### PROBLEM DETAILS
From the entries that follow, copy each line containing the word "weakly".
====================
(* Let $p\ge 2$ and let $\mathbb{F}_p$ be a binary floating-point format with $p$-bit significands and unit roundoff $u=2^{-p}$. Let $t\ge 1$ and $s_A,s_B\ge 1$ be integers. Let $A\in\mathbb{F}_p^{m\times k}$ and $B\in\mathbb{F}_p^{k\times n}$ have all entries nonzero. Define the scale factors $\alpha\in\mathbb{R}^m$, $\beta\in\mathbb{R}^n$ and the integer slices $A_{(\ell)}$ ($1\le \ell\le s_A$) and $B^{(h)}$ ($1\le h\le s_B$) as in the context, and put $$\tilde C=\alpha\beta^T\circ\sum_{\ell=1}^{s_A}\sum_{h=1}^{s_B}2^{-(\ell+h)t}A_{(\ell)}B^{(h)} .$$ Suppose $\hat C$ is computed as follows: each integer product $A_{(\ell)}B^{(h)}$ is computed exactly, converted exactly to $\mathbb{F}_p$ and scaled exactly by $2^{-(\ell+h)t}$ and by $\alpha\beta^T$ (entrywise), and then the resulting $\psi=s_As_B$ matrices are added entrywise in floating-point arithmetic (in any order) obeying the standard model $\mathrm{fl}(x+y)=(x+y)(1+\delta)$, $|\delta|\le u$, with no overflow or underflow, and $\psi u<1$. Then, entrywise, $$|\hat C-AB|\le\bigl(\zeta_{A,B}+\gamma_{\psi-1}(1+\zeta_{A,B})\bigr)\,|A|\,|B|,$$ where $\zeta_{A,B}=2^{-s_At}\kappa_A+2^{-s_Bt}\kappa_B+2^{-(s_A+s_B)t}\kappa_A\kappa_B$ and $\gamma_j=ju/(1-ju)$.
   Context: Absolute values of matrices and inequalities between matrices are entrywise; $\circ$ is the Hadamard (entrywise) product. For $x\in\mathbb{R}$, $[x]$ denotes truncation toward zero ($\lfloor x\rfloor$ if $x\ge0$, $\lceil x\rceil$ if $x<0$). Scale factors: $\alpha_i$ is the smallest power of two strictly larger than $M_i=\max_{1\le j\le k}|a_{ij}|$ (i.e. $\alpha_i=2^{\lfloor\log_2 M_i\rfloor+1}$), and $\beta_j$ is the smallest power of two strictly larger than $N_j=\max_{1\le i\le k}|b_{ij}|$. Slices: $A_{(\ell)}=\bigl[2^{\ell t}\bigl(\mathrm{diag}(\alpha)^{-1}A-\sum_{r=1}^{\ell-1}2^{-rt}A_{(r)}\bigr)\bigr]$ for $\ell=1,\dots,s_A$, and $B^{(h)}=\bigl[2^{ht}\bigl(B\,\mathrm{diag}(\beta)^{-1}-\sum_{r=1}^{h-1}2^{-rt}B^{(r)}\bigr)\bigr]$ for $h=1,\dots,s_B$ (integer matrices, applied entrywise). Scaling measures: $\kappa_A=2\max_i\frac{\max_j|a_{ij}|}{\min_j|a_{ij}|}$ and $\kappa_B=2\max_j\frac{\max_i|b_{ij}|}{\min_i|b_{ij}|}$. *)

From HB Require Import structures.
From mathcomp Require Import all_boot all_order all_algebra.
From mathcomp Require Import reals exp.
Set Implicit Arguments. Unset Strict Implicit. Unset Printing Implicit Defensive.
Import Order.TTheory GRing.Theory Num.Theory.
Local Open Scope ring_scope.

Section Defs.
Variable R : realType.

(* binary floating-point format with p-bit significands, unbounded exponent
   (no overflow/underflow) *)
Definition is_fp (p : nat) (x : R) : Prop :=
  exists (M e : int), x = M%:~R * (2 : R) ^ e /\ (`|M| < 2 ^+ p)%R.

Definition trunc0 (x : R) : int :=
  if 0 <= x then Num.floor x else Num.ceil x.

Definition pow2above (M : R) : R :=
  (2 : R) ^ (Num.floor (ln M / ln 2) + 1).

Fixpoint slices (t : nat) (x : R) (l : nat) : seq int :=
  match l with
  | 0 => [::]
  | l'.+1 =>
      let s := slices t x l' in
      rcons s (trunc0 ((2 : R) ^+ (l'.+1 * t) *
        (x - \sum_(r < l') (2 : R) ^- (r.+1 * t) * (nth 0 s r)%:~R)))
  end.

(* the l-th slice (l >= 1) *)
Definition slice (t : nat) (x : R) (l : nat) : int := nth 0 (slices t x l) l.-1.

Variables m k n : nat.

Definition rowmaxA (A : 'M[R]_(m, k)) (i : 'I_m) : R :=
  \big[Num.max/0]_(j < k) `|A i j|.
Definition rowminA (A : 'M[R]_(m, k)) (i : 'I_m) : R :=
  \big[Num.min/rowmaxA A i]_(j < k) `|A i j|.
Definition colmaxB (B : 'M[R]_(k, n)) (j : 'I_n) : R :=
  \big[Num.max/0]_(i < k) `|B i j|.
Definition colminB (B : 'M[R]_(k, n)) (j : 'I_n) : R :=
  \big[Num.min/colmaxB B j]_(i < k) `|B i j|.
(* For every integer $n\ge 3$, $$\sum_{\substack{b\ge 0,\ k\ge 0\\ 2b+k+1=n}}\#\mathrm{SYT}^{+k}\big((b+1,b)\big)=\mathrm{Cat}(n)-\mathrm{Cat}(n-1)=\frac{3}{n+1}\binom{2n-2}{n},$$ where for $b=0$ the shape $(1,0)$ is the single-cell shape $(1)$ and $\mathrm{Cat}(m)=\frac1{m+1}\binom{2m}{m}$.
   Context: $\mathrm{SYT}^{+k}(\lambda)$: for a partition $\lambda$ of $N$ and $k\ge 0$, the set of fillings $S$ of the cells of the Ferrers diagram of $\lambda$ by nonempty sets of positive integers forming a set partition of $[N+k]$, such that $\max S(u)<\min S(v)$ whenever $u\ne v$ and $u$ is weakly northwest of $v$. *)

From mathcomp Require Import all_boot all_order all_algebra.
Set Implicit Arguments. Unset Strict Implicit. Unset Printing Implicit Defensive.
Import GRing.Theory Num.Theory.

(* A partition lam = [:: lam_1; lam_2; ...] (weakly decreasing parts) of
   N = sumn lam.  Cells of its Ferrers diagram (English convention):
   (i, j) with row i < size lam and column j < lam_i (0-indexed).
   Column indices are bounded by sumn lam for finiteness. *)
Definition cell (lam : seq nat) := ('I_(size lam) * 'I_(sumn lam))%type.
Definition in_diagram (lam : seq nat) (c : cell lam) : bool :=
  nat_of_ord c.2 < nth 0 lam c.1.
Definition cells (lam : seq nat) := {c : cell lam | in_diagram c}.

Definition weakNW (lam : seq nat) (u v : cells lam) : bool :=
  (nat_of_ord (val u).1 <= (val v).1) && (nat_of_ord (val u).2 <= (val v).2).

(* SYT^{+k}(lam): fillings S of the cells by nonempty sets of integers that
   form a set partition of [N+k] (here {0,...,N+k-1}, an order-preserving
   shift of {1,...,N+k}), such that max S(u) < min S(v) whenever u <> v and
   u is weakly northwest of v.  For nonempty sets, max S(u) < min S(v) is
   written out as: every element of S(u) is below every element of S(v). *)
Definition SYT_plus (lam : seq nat) (k : nat) :
  {set {ffun cells lam -> {set 'I_(sumn lam + k)}}} :=
  [set S : {ffun cells lam -> {set 'I_(sumn lam + k)}} | [&& [forall u, S u != set0],
              [forall u, forall v, (u != v) ==> [disjoint S u & S v]],
              (\bigcup_(u : cells lam) S u == setT) &
              [forall u, forall v, ((u != v) && weakNW u v) ==>
                 [forall x in S u, forall y in S v, nat_of_ord x < nat_of_ord y]]]].

Definition Cat (m : nat) : rat := ('C(m.*2, m))%:R / (m.+1)%:R.

From mathcomp Require Import all_boot all_order all_algebra zify ring.
Set Implicit Arguments. Unset Strict Implicit. Unset Printing Implicit Defensive.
====================
### RESPONSE BELOW
   Context: $\mathrm{SYT}^{+k}(\lambda)$: for a partition $\lambda$ of $N$ and $k\ge 0$, the set of fillings $S$ of the cells of the Ferrers diagram of $\lambda$ by nonempty sets of positive integers forming a set partition of $[N+k]$, such that $\max S(u)<\min S(v)$ whenever $u\ne v$ and $u$ is weakly northwest of $v$. *)
(* A partition lam = [:: lam_1; lam_2; ...] (weakly decreasing parts) of
   u is weakly northwest of v.  For nonempty sets, max S(u) < min S(v) is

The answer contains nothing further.